======== RECORD SET ========
(* Let $W_N$ be the Weyl algebra generated by the entries of $N\times N$ matrices $X=\|x_i^j\|$ and $D=\|\partial/\partial x_j^i\|$, which satisfy $X_1X_2=X_2X_1$, $D_1D_2=D_2D_1$, $D_1X_2=X_2D_1+P_{12}$, and let $L=XD$. Then for every integer $n\ge 1$, in $Mat_{N\times N}(\mathbb{C})^{\otimes n}\otimes W_N$, $$L_1(L_2-j_2)\cdots(L_n-j_n)=X_1\cdots X_n\,D_1\cdots D_n,$$ where $j_k=\sum_{i=1}^{k-1}P_{ik}$.
   Context: For a matrix $A$ with entries in an algebra, $A_i=\mathbb{E}\otimes\cdots\otimes A\otimes\cdots\otimes\mathbb{E}$ with $A$ in the $i$-th tensor factor and the identity matrix $\mathbb{E}$ elsewhere. $P_{ik}$ denotes the permutation matrix acting in tensor factors $i$ and $k$, with $P_{kl}^{mn}=\delta_k^n\delta_l^m$. The elements $j_k$ are the images of the Jucys–Murphy elements of $\mathbb{C}[S_n]$. The map sending the generators of $U(\mathbf{gl}_N)$ to the entries of $XD$ embeds $U(\mathbf{gl}_N)$ into $W_N$. *)

From HB Require Import structures.
From mathcomp Require Import all_boot all_order all_algebra.
Set Implicit Arguments. Unset Strict Implicit. Unset Printing Implicit Defensive.
Import GRing.Theory.
Local Open Scope ring_scope.

(* Elements of Mat_{NxN}^{(x) n} (x) A are represented as "matrices" whose
   rows/columns are indexed by multi-indices a : {ffun 'I_n -> 'I_N}
   (a k = index in the k-th tensor factor, factors numbered 0..n-1),
   with entries in the algebra A. *)
Notation idx N n := {ffun 'I_n -> 'I_N}.
Definition op (A : pzRingType) (N n : nat) := idx N n -> idx N n -> A.

Definition opmul (A : pzRingType) (N n : nat) (F G : op A N n) : op A N n :=
  fun a b => \sum_(c : idx N n) F a c * G c b.

Definition opone (A : pzRingType) (N n : nat) : op A N n :=
  fun a b => (a == b)%:R.

Definition opsub (A : pzRingType) (N n : nat) (F G : op A N n) : op A N n :=
  fun a b => F a b - G a b.

Definition opprod (A : pzRingType) (N n : nat) (s : seq 'I_n)
  (F : 'I_n -> op A N n) : op A N n :=
  foldr (fun k acc => opmul (F k) acc) (@opone A N n) s.

(* M_i = E (x) ... (x) M (x) ... (x) E, M in the i-th factor *)
Definition emb (A : pzRingType) (N n : nat) (i : 'I_n) (M : 'I_N -> 'I_N -> A)
  : op A N n :=
  fun a b => M (a i) (b i) * (\prod_(k < n | k != i) (a k == b k))%:R.

Definition permop (A : pzRingType) (N n : nat) (i k : 'I_n) : op A N n :=
  fun a b => [&& a i == b k, a k == b i &
               [forall l : 'I_n, (l != i) && (l != k) ==> (a l == b l)]]%:R.

Definition jmat (A : pzRingType) (N n : nat) (k : 'I_n) : op A N n :=
  fun a b => \sum_(i < n | (i < k)%N) @permop A N n i k a b.

Definition Lmat (A : pzRingType) (N : nat) (X D : 'I_N -> 'I_N -> A) :
  'I_N -> 'I_N -> A :=
  fun r c => \sum_(m < N) X r m * D m c.

(* Defining relations of the Weyl algebra W_N, written entrywise:
   X_1 X_2 = X_2 X_1,  D_1 D_2 = D_2 D_1,  D_1 X_2 = X_2 D_1 + P_12
   in Mat^{(x)2} (x) A; entry ((a1,a2),(b1,b2)) of D_1 X_2 is
   D a1 b1 * X a2 b2, of P_12 is delta(a1,b2) delta(a2,b1). *)
Definition weyl_rel (A : pzRingType) (N : nat) (X D : 'I_N -> 'I_N -> A) : Prop :=
  [/\ (forall a1 b1 a2 b2, X a1 b1 * X a2 b2 = X a2 b2 * X a1 b1),
      (forall a1 b1 a2 b2, D a1 b1 * D a2 b2 = D a2 b2 * D a1 b1) &
      (forall a1 b1 a2 b2,
         D a1 b1 * X a2 b2 = X a2 b2 * D a1 b1 + ((a1 == b2) && (a2 == b1))%:R)].

From mathcomp Require Import all_boot all_algebra perm.

(* Identify an element of Mat^(x)n (x) A with the square matrix over A whose rows
   and columns are indexed by multi-indices (opmx); the product of the statement
   becomes a product in a ring, where only four relations matter:
     D_i X_m = X_m D_i + P_im (i <> m),   D_i D_m = D_m D_i,
     P_im D_l = D_l P_im (l <> i, m),     P_im D_m = D_i P_im.
   Pushing X_m to the left through D_1 ... D_(m-1) with the first relation and
   collecting the P's with the last two gives
     D_1 ... D_(m-1) X_m D_m = X_m D_1 ... D_m + D_1 ... D_(m-1) j_m,
   so right multiplication of X_1 ... X_(m-1) D_1 ... D_(m-1) by L_m - j_m yields
   X_1 ... X_m D_1 ... D_m, and the theorem follows by induction on m. *)

Set Implicit Arguments. Unset Strict Implicit.
Import GRing.Theory.
Local Open Scope ring_scope.

Section JucysMurphyProduct.
Variables (R : pzRingType) (n : nat) (x d : nat -> R) (p : nat -> nat -> R).
Hypothesis d_x : forall i m, (i < m < n)%N -> d i * x m = x m * d i + p i m.
Hypothesis d_d : forall i m, (i < m < n)%N -> d i * d m = d m * d i.
Hypothesis p_d :
  forall i l m, (i < l < m)%N -> (m < n)%N -> p i m * d l = d l * p i m.
Hypothesis p_dR : forall i m, (i < m < n)%N -> p i m * d m = d i * p i m.

Local Notation dprod t := (\prod_(0 <= k < t) d k).
Local Notation xprod t := (\prod_(0 <= k < t) x k).
Local Notation psum t m := (\sum_(0 <= i < t) p i m).

Lemma psum_d_comm t m : (t < m < n)%N -> psum t m * d t = d t * psum t m.
Proof.
case/andP=> lt_tm lt_mn; rewrite mulr_suml mulr_sumr.
by apply: eq_big_nat => i /andP[_ lt_it]; rewrite p_d ?lt_it.
Qed.

Lemma dprod_x_d t m : (t <= m)%N -> (m < n)%N ->
  dprod t * x m * d m = x m * dprod t * d m + dprod t * psum t m.
Proof.
move=> + lt_mn; elim: t => [_|t IHt lt_tm].
  by rewrite !big_geq // mulr1 mul1r mulr0 addr0.
have lt_tmn : (t < m < n)%N by rewrite lt_tm.
have move_dt : dprod t * d t * x m * d m =
    dprod t * x m * d m * d t + dprod t * d t * p t m.
  rewrite -(mulrA _ (d t)) (d_x lt_tmn) mulrDr mulrDl -!mulrA.
  by rewrite (d_d lt_tmn) (p_dR lt_tmn).
rewrite !big_nat_recr //= move_dt (IHt (ltnW lt_tm)) mulrDl -!mulrA.
by rewrite (psum_d_comm lt_tmn) (d_d lt_tmn) !mulrDr addrA.
Qed.

Lemma prod_xd_sub_psum m : (m <= n)%N ->
  \prod_(0 <= k < m) (x k * d k - psum k k) = xprod m * dprod m.
Proof.
elim: m => [_|m IHm lt_mn]; first by rewrite !big_geq // mulr1.
rewrite !big_nat_recr //= (IHm (ltnW lt_mn)) mulrBr.
have := dprod_x_d (leqnn m) lt_mn; rewrite -!mulrA => ->.
by rewrite mulrDr addrK.
Qed.

End JucysMurphyProduct.

Section OpMatrix.
Variables (A : pzRingType) (N n : nat).

Definition opmx (F : op A N n) : 'M[A]_#|idx N n| :=
  \matrix_(i, j) F (enum_val i) (enum_val j).

Lemma opmxE F a b : opmx F (enum_rank a) (enum_rank b) = F a b.
Proof. by rewrite mxE !enum_rankK. Qed.

Lemma opmx_inj F G : opmx F = opmx G -> F =2 G.
Proof. by move=> eqFG a b; rewrite -!opmxE eqFG. Qed.

Lemma opmx_eq F G : F =2 G -> opmx F = opmx G.
Proof. by move=> eqFG; apply/matrixP=> i j; rewrite !mxE eqFG. Qed.

Lemma opmx_mul F G : opmx (opmul F G) = opmx F * opmx G.
Proof.
apply/matrixP=> i j; rewrite -mulmxE !mxE /opmul.
rewrite (reindex (@enum_val _ (mem (idx N n)))) /=; last first.
  by exists enum_rank => c _; [rewrite enum_valK | rewrite enum_rankK].
by apply: eq_bigr => c _; rewrite !mxE.
Qed.

Lemma opmx_one : opmx (@opone A N n) = 1.
Proof. by apply/matrixP=> i j; rewrite !mxE /opone (inj_eq enum_val_inj). Qed.

Lemma opmx_sub F G : opmx (opsub F G) = opmx F - opmx G.
Proof. by apply/matrixP=> i j; rewrite !mxE. Qed.

Lemma opmx_opprod s F : opmx (opprod s F) = \prod_(k <- s) opmx (F k).
Proof.
elim: s => [|k s IHs]; first by rewrite big_nil opmx_one.
by rewrite big_cons /= opmx_mul IHs.
Qed.

Lemma opmx_jmat k :
  opmx (jmat A k) = \sum_(i < n | (i < k)%N) opmx (@permop A N n i k).
Proof.
apply/matrixP=> a b; rewrite !mxE summxE.
by apply: eq_bigr => i _; rewrite mxE.
Qed.

End OpMatrix.

Section Entries.
Variables (A : pzRingType) (N n : nat).
Implicit Types (S : {set 'I_n}) (i k l : 'I_n) (a b c : idx N n).
Implicit Types (F G : 'I_N -> 'I_N -> A).

Lemma sum_delta_mull (T : finType) (c0 : T) (f : T -> A) :
  \sum_c (c == c0)%:R * f c = f c0.
Proof.
by rewrite (bigD1 c0) //= eqxx mul1r big1 ?addr0 // => c /negbTE->; rewrite mul0r.
Qed.

Lemma sum_delta_mulr (T : finType) (c0 : T) (f : T -> A) :
  \sum_c f c * (c == c0)%:R = f c0.
Proof.
by rewrite (bigD1 c0) //= eqxx mulr1 big1 ?addr0 // => c /negbTE->; rewrite mulr0.
Qed.

Definition agree_off S a b := [forall j, (j \notin S) ==> (a j == b j)].

Lemma agree_offP S a b :
  reflect (forall j, j \notin S -> a j = b j) (agree_off S a b).
Proof.
apply: (iffP forallP) => off j; last by apply/implyP => /off->.
by move=> jS; apply/eqP; move: (off j); rewrite jS.
Qed.

Definition upd a k (m : 'I_N) : idx N n :=
  [ffun j => if j == k then m else a j].

Lemma agree_off_updr a k m : agree_off [set k] a (upd a k m).
Proof. by apply/agree_offP=> j; rewrite in_set1 ffunE => /negbTE->. Qed.

Lemma upd_agree_off a c k : agree_off [set k] a c -> upd a k (c k) = c.
Proof.
move/agree_offP=> off; apply/ffunP=> j; rewrite ffunE.
by case: eqP => [->|/eqP ne_jk] //; rewrite off // in_set1.
Qed.

Lemma agree_off_updl a b k m :
  agree_off [set k] (upd a k m) b = agree_off [set k] a b.
Proof.
by apply: eq_forallb => j; rewrite in_set1 ffunE; case: eqP.
Qed.

Lemma agree_off_updl_neq a b k l m : k != l ->
  agree_off [set l] (upd a k m) b = (m == b k) && agree_off [set k; l] a b.
Proof.
move=> ne_kl; apply/agree_offP/andP => [off | [/eqP-> /agree_offP off] j].
  split; first by move: (off k); rewrite in_set1 ffunE eqxx => ->.
  apply/agree_offP => j; rewrite !inE negb_or => /andP[ne_jk ne_jl].
  by rewrite -off ?in_set1 // ffunE (negbTE ne_jk).
rewrite in_set1 ffunE => ne_jl; case: eqP => [->|/eqP ne_jk] //.
by rewrite off // !inE negb_or ne_jk.
Qed.

Lemma embE k F a b : emb k F a b = F (a k) (b k) * (agree_off [set k] a b)%:R.
Proof.
rewrite /emb -(big_morph _ (fun u v => esym (mulnb u v)) (id2 := true) erefl).
rewrite big_andE.
by congr (_ * (nat_of_bool _)%:R); apply: eq_forallb => j; rewrite in_set1.
Qed.

Lemma emb_mulE k F (H : op A N n) a b :
  opmul (emb k F) H a b = \sum_m F (a k) m * H (upd a k m) b.
Proof.
(* only the [c] agreeing with [a] off [k] contribute; they are indexed by [c k] *)
rewrite /opmul -(big_rmcond _ _ (P := agree_off [set k] a)); last first.
  by move=> c /negbTE off_ac; rewrite embE off_ac mulr0 mul0r.
rewrite (reindex_onto (upd a k) (fun c => c k)) /=; last first.
  by move=> c /upd_agree_off.
apply: eq_big => [m|m _]; first by rewrite agree_off_updr ffunE !eqxx.
by rewrite embE agree_off_updr ffunE eqxx mulr1.
Qed.

Lemma emb_mul_emb k F G : opmul (emb k F) (emb k G) =2 emb k (Lmat F G).
Proof.
move=> a b; rewrite emb_mulE embE /Lmat mulr_suml.
by apply: eq_bigr => m _; rewrite embE ffunE eqxx agree_off_updl mulrA.
Qed.

Lemma emb_mul_emb_neq k l F G a b : k != l ->
  opmul (emb k F) (emb l G) a b =
  F (a k) (b k) * G (a l) (b l) * (agree_off [set k; l] a b)%:R.
Proof.
move=> ne_kl; rewrite emb_mulE (bigD1 (b k)) //= big1 ?addr0 => [|m ne_m];
  rewrite embE ffunE eq_sym (negbTE ne_kl) agree_off_updl_neq //.
  by rewrite eqxx mulrA.
by rewrite (negbTE ne_m) mulr0n !mulr0.
Qed.

Lemma permopE i k a b : permop A i k a b =
  [&& a i == b k, a k == b i & agree_off [set i; k] a b]%:R.
Proof.
by congr ([&& _, _ & _]%:R); apply: eq_forallb => j; rewrite !inE negb_or.
Qed.

Definition tswap i k a : idx N n := [ffun j => a (tperm i k j)].

Lemma tswapK i k : involutive (tswap i k).
Proof. by move=> a; apply/ffunP=> j; rewrite !ffunE tpermK. Qed.

Lemma eq_tswap i k a b : (b == tswap i k a) = (a == tswap i k b).
Proof. by rewrite -(inj_eq (can_inj (tswapK i k))) tswapK eq_sym. Qed.

Lemma permop_tswap i k a b : permop A i k a b = (b == tswap i k a)%:R.
Proof.
rewrite permopE; congr ((_ : bool)%:R).
apply/and3P/eqP => [[/eqP aik /eqP aki off]|->].
  apply/ffunP => j; rewrite ffunE; case: tpermP => [->|->|ne_ji ne_jk] //.
  apply/esym/(agree_offP _ _ _ off); rewrite !inE negb_or.
  by apply/andP; split; apply/eqP.
rewrite !ffunE tpermL tpermR !eqxx; split=> //.
apply/agree_offP => j; rewrite !inE negb_or => /andP[ne_ji ne_jk].
by rewrite ffunE tpermD // eq_sym.
Qed.

Lemma agree_off_tswap i k l a b :
  agree_off [set l] (tswap i k a) b = agree_off [set tperm i k l] a (tswap i k b).
Proof.
apply/agree_offP/agree_offP => off j; rewrite in_set1 => ne_j.
  rewrite ffunE -off ?ffunE ?tpermK // in_set1.
  by apply: contra ne_j => /eqP <-; rewrite tpermK.
rewrite ffunE off ?ffunE ?tpermK // in_set1.
by apply: contra ne_j => /eqP/(can_inj (tpermK i k))->.
Qed.

Lemma permop_mul_emb i k l G :
  opmul (permop A i k) (emb l G) =2 opmul (emb (tperm i k l) G) (permop A i k).
Proof.
move=> a b; rewrite /opmul.
under eq_bigr do rewrite permop_tswap.
under [RHS]eq_bigr do rewrite permop_tswap eq_tswap.
by rewrite sum_delta_mull sum_delta_mulr !embE !ffunE tpermK agree_off_tswap.
Qed.

End Entries.

Section OpMatrixRelations.
Variables (A : pzRingType) (N n : nat).
Implicit Types (i k l m : 'I_n) (F G : 'I_N -> 'I_N -> A).

Lemma opmx_emb_mul k F G :
  opmx (emb k F) * opmx (emb k G) = opmx (emb k (Lmat F G)).
Proof. by rewrite -opmx_mul; apply/opmx_eq/emb_mul_emb. Qed.

Lemma opmx_emb_comm k l F G : k != l ->
    (forall r c r' c', F r c * G r' c' = G r' c' * F r c) ->
  opmx (emb k F) * opmx (emb l G) = opmx (emb l G) * opmx (emb k F).
Proof.
move=> ne_kl FG; rewrite -!opmx_mul; apply: opmx_eq => a b.
by rewrite emb_mul_emb_neq // emb_mul_emb_neq 1?eq_sym // FG setUC.
Qed.

Lemma opmx_emb_weyl k m F G : k != m ->
    (forall r c r' c',
       F r c * G r' c' = G r' c' * F r c + ((r == c') && (r' == c))%:R) ->
  opmx (emb k F) * opmx (emb m G) =
    opmx (emb m G) * opmx (emb k F) + opmx (permop A k m).
Proof.
move=> ne_km FG; rewrite -!opmx_mul; apply/matrixP => i j; rewrite !mxE.
rewrite emb_mul_emb_neq // emb_mul_emb_neq 1?eq_sym // FG permopE setUC.
by rewrite mulrDl -natrM mulnb andbA.
Qed.

Lemma opmx_permop_emb i k l G :
  opmx (permop A i k) * opmx (emb l G) =
    opmx (emb (tperm i k l) G) * opmx (permop A i k).
Proof. by rewrite -!opmx_mul; apply/opmx_eq/permop_mul_emb. Qed.

End OpMatrixRelations.

Lemma prod_enum_inord (R : pzRingType) n (F : 'I_n.+1 -> R) :
  \prod_(k <- enum 'I_n.+1) F k = \prod_(0 <= k < n.+1) F (inord k).
Proof.
rewrite /index_iota subn0 -val_enum_ord big_map.
by apply: eq_bigr => k _; rewrite inord_val.
Qed.

Lemma opmx_jmat_inord (A : pzRingType) N n k : (k < n.+1)%N ->
  opmx (jmat A (inord k : 'I_n.+1)) =
    \sum_(0 <= i < k) opmx (@permop A N n.+1 (inord i) (inord k)).
Proof.
move=> lt_kn; rewrite opmx_jmat (big_nat_widen 0 k n.+1) ?(ltnW lt_kn) // big_mkord.
by apply: eq_big => [i|i _]; rewrite ?inordK ?inord_val.
Qed.

Theorem mainTheorem2 (A : pzRingType) (N n : nat) (X D : 'I_N -> 'I_N -> A) :
  weyl_rel X D -> (0 < n)%N ->
  forall a b : {ffun 'I_n -> 'I_N},
    opprod (enum 'I_n)
      (fun k => opsub (emb k (Lmat X D)) (@jmat A N n k)) a b =
    opmul (opprod (enum 'I_n) (fun k => emb k X))
          (opprod (enum 'I_n) (fun k => emb k D)) a b.
Proof.
case=> _ D_comm D_X; case: n => // n _; apply: opmx_inj.
rewrite opmx_mul !opmx_opprod !prod_enum_inord.
pose x k := opmx (emb (inord k : 'I_n.+1) X).
pose d k := opmx (emb (inord k : 'I_n.+1) D).
pose p i k := opmx (@permop A N n.+1 (inord i) (inord k)).
have inord_neq i k : (i < k < n.+1)%N -> (inord i : 'I_n.+1) != inord k.
  case/andP=> lt_ik lt_kn.
  by rewrite -val_eqE /= !inordK ?ltn_eqF // (ltn_trans lt_ik).
transitivity (\prod_(0 <= k < n.+1) (x k * d k - \sum_(0 <= i < k) p i k)).
  apply: eq_big_nat => k /andP[_ lt_kn].
  by rewrite opmx_sub -opmx_emb_mul opmx_jmat_inord.
apply: (@prod_xd_sub_psum _ n.+1) => //
  [i m lt_imn | i m lt_imn | i l m lt_ilm lt_mn | i m lt_imn].
- exact: opmx_emb_weyl (inord_neq _ _ lt_imn) D_X.
- exact: opmx_emb_comm (inord_neq _ _ lt_imn) D_comm.
- case/andP: lt_ilm => lt_il lt_lm.
  have lt_ln := ltn_trans lt_lm lt_mn.
  rewrite /p /d opmx_permop_emb tpermD //.
    by apply: (inord_neq i l); rewrite lt_il.
  by rewrite eq_sym; apply: (inord_neq l m); rewrite lt_lm.
- by rewrite /p /d opmx_permop_emb tpermR.
Qed.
========
Please copy, exactly and with nothing else, the lines above beginning at the line that has "Lemma dprod_x_d t" and ending with the line that has "by rewrite !big_geq // mulr1 mul1r".

Lemma dprod_x_d t m : (t <= m)%N -> (m < n)%N ->
  dprod t * x m * d m = x m * dprod t * d m + dprod t * psum t m.
Proof.
move=> + lt_mn; elim: t => [_|t IHt lt_tm].
  by rewrite !big_geq // mulr1 mul1r mulr0 addr0.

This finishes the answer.